From the first line of the data through the line containing "(exists (L : T) (ev : Hom (tens L", return each line exactly.

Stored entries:
____

Definition enough_res_pb {D T : MonCat} (t : StrictMonFunctor D T) (W : T)
  (p : Hom (tens W W) W) : Prop :=
  (forall P R : D, fob t P = W -> fob t R = W ->
     exists (L : D) (ev : Hom (tens P L) R), is_lres P R L ev) /\
  (forall Q R : D, fob t Q = W -> fob t R = W ->
     exists (L : D) (ev : Hom (tens L Q) R), is_rres Q R L ev) /\
  (exists (L : T) (ev : Hom (tens W L) W), is_lres W W L ev) /\
  (exists (L : T) (ev : Hom (tens L W) W), is_rres W W L ev) /\
  (forall (P R : D) (hP : fob t P = W) (hR : fob t R = W) (L : D)
          (ev : Hom (tens P L) R), is_lres P R L ev ->
     forall lp : Hom W (fob t L), comp (tensH (idm W) lp) (lres_ev_T hP hR ev) = p ->
     exists (L' : D) (hL' : fob t L' = W) (lam : deriv t L' L hL' eq_refl lp),
       is_pullback t lp L eq_refl L' hL' lam) /\
  (forall (Q R : D) (hQ : fob t Q = W) (hR : fob t R = W) (L : D)
          (ev : Hom (tens L Q) R), is_rres Q R L ev ->
     forall rp : Hom W (fob t L), comp (tensH rp (idm W)) (rres_ev_T hQ hR ev) = p ->
     exists (L' : D) (hL' : fob t L' = W) (lam : deriv t L' L hL' eq_refl rp),
       is_pullback t rp L eq_refl L' hL' lam).

Lemma sig_eq {A : Type} {P : A -> Prop} (u v : sig P) :
  proj1_sig u = proj1_sig v -> u = v.
Proof.
  destruct u as [u pu], v as [v pv]; simpl; intros ->.
  f_equal; apply proof_irrelevance.
Qed.

(** * The positive representation W^+ and presheaves on it *)
Section Plus.
Variables (D T : MonCat) (t : StrictMonFunctor D T) (W : T).

Definition WpOb : Type := { P : D & Hom (fob t P) W }.

Definition WpHom (x1 x2 : WpOb) : Type :=
  { α : Hom (projT1 x1) (projT1 x2) | projT2 x1 = comp (fmap t α) (projT2 x2) }.

Lemma WpHom_eq (x1 x2 : WpOb) (h h' : WpHom x1 x2) :
  proj1_sig h = proj1_sig h' -> h = h'.
Proof. apply sig_eq. Qed.

Definition Wp_id (x : WpOb) : WpHom x x.
Proof.
  exists (idm (projT1 x)). rewrite fmap_id, comp_idl. reflexivity.
Defined.

Definition Wp_comp (x'' x' x : WpOb) (h' : WpHom x'' x') (h : WpHom x' x) :
  WpHom x'' x.
Proof.
  exists (comp (proj1_sig h') (proj1_sig h)).
  rewrite fmap_comp, comp_assoc, <- (proj2_sig h). exact (proj2_sig h').
Defined.

Variable p : Hom (tens W W) W.

Definition Wp_tens (x y : WpOb) : WpOb :=
  existT _ (tens (projT1 x) (projT1 y))
    (cast (eq_sym (fob_tens t (projT1 x) (projT1 y))) eq_refl
          (comp (tensH (projT2 x) (projT2 y)) p)).

Definition Wp_tensH (x1' x1 x2' x2 : WpOb) (h1 : WpHom x1' x1) (h2 : WpHom x2' x2) :
  WpHom (Wp_tens x1' x2') (Wp_tens x1 x2).
Proof.
  exists (tensH (proj1_sig h1) (proj1_sig h2)).
  destruct h1 as [a1 e1], h2 as [a2 e2].
  destruct x1' as [P1' c1'], x1 as [P1 c1], x2' as [P2' c2'], x2 as [P2 c2].
  simpl in *.
  rewrite (cast_sym (fmap_tens t a1 a2)), cast_comp.
  f_equal. rewrite <- comp_assoc, <- tens_comp_law, <- e1, <- e2. reflexivity.
Defined.

Record Psh : Type := {
  psh :> WpOb -> Type;
  pact : forall x' x : WpOb, WpHom x' x -> psh x -> psh x';
  pact_id : forall x (a : psh x), pact (Wp_id x) a = a;
  pact_comp : forall x'' x' x (h' : WpHom x'' x') (h : WpHom x' x) (a : psh x),
      pact (Wp_comp h' h) a = pact h' (pact h a)
}.
Arguments pact _ {_ _} _ _.

Definition PshHom (F G : Psh) : Type :=
  { η : forall x, F x -> G x |
    forall x' x (h : WpHom x' x) (a : F x), η x' (pact F h a) = pact G h (η x a) }.

Definition psh_iso (F G : Psh) : Prop :=
  exists (φ : PshHom F G) (ψ : PshHom G F),
    (forall x (a : F x), proj1_sig ψ x (proj1_sig φ x a) = a) /\
    (forall x (b : G x), proj1_sig φ x (proj1_sig ψ x b) = b).

Section QPlus.
Variables (Q : D) (hQ : fob t Q = W).

Definition Qplus_ob (x : WpOb) : Type := deriv t (projT1 x) Q eq_refl hQ (projT2 x).

Definition Qplus_act (x' x : WpOb) (h : WpHom x' x) (a : Qplus_ob x) : Qplus_ob x'.
Proof.
  exists (comp (proj1_sig h) (proj1_sig a)).
  rewrite fmap_comp, cast_r_comp, (proj2_sig a). symmetry. exact (proj2_sig h).
Defined.

Lemma Qplus_act_id x (a : Qplus_ob x) : Qplus_act (Wp_id x) a = a.
Proof. apply sig_eq; simpl; apply comp_idl. Qed.

Lemma Qplus_act_comp x'' x' x (h' : WpHom x'' x') (h : WpHom x' x) (a : Qplus_ob x) :
  Qplus_act (Wp_comp h' h) a = Qplus_act h' (Qplus_act h a).
Proof. apply sig_eq; simpl; apply comp_assoc. Qed.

____

> **Output for this exercise**
Definition enough_res_pb {D T : MonCat} (t : StrictMonFunctor D T) (W : T)
  (p : Hom (tens W W) W) : Prop :=
  (forall P R : D, fob t P = W -> fob t R = W ->
     exists (L : D) (ev : Hom (tens P L) R), is_lres P R L ev) /\
  (forall Q R : D, fob t Q = W -> fob t R = W ->
     exists (L : D) (ev : Hom (tens L Q) R), is_rres Q R L ev) /\
  (exists (L : T) (ev : Hom (tens W L) W), is_lres W W L ev) /\
  (exists (L : T) (ev : Hom (tens L W) W), is_rres W W L ev) /\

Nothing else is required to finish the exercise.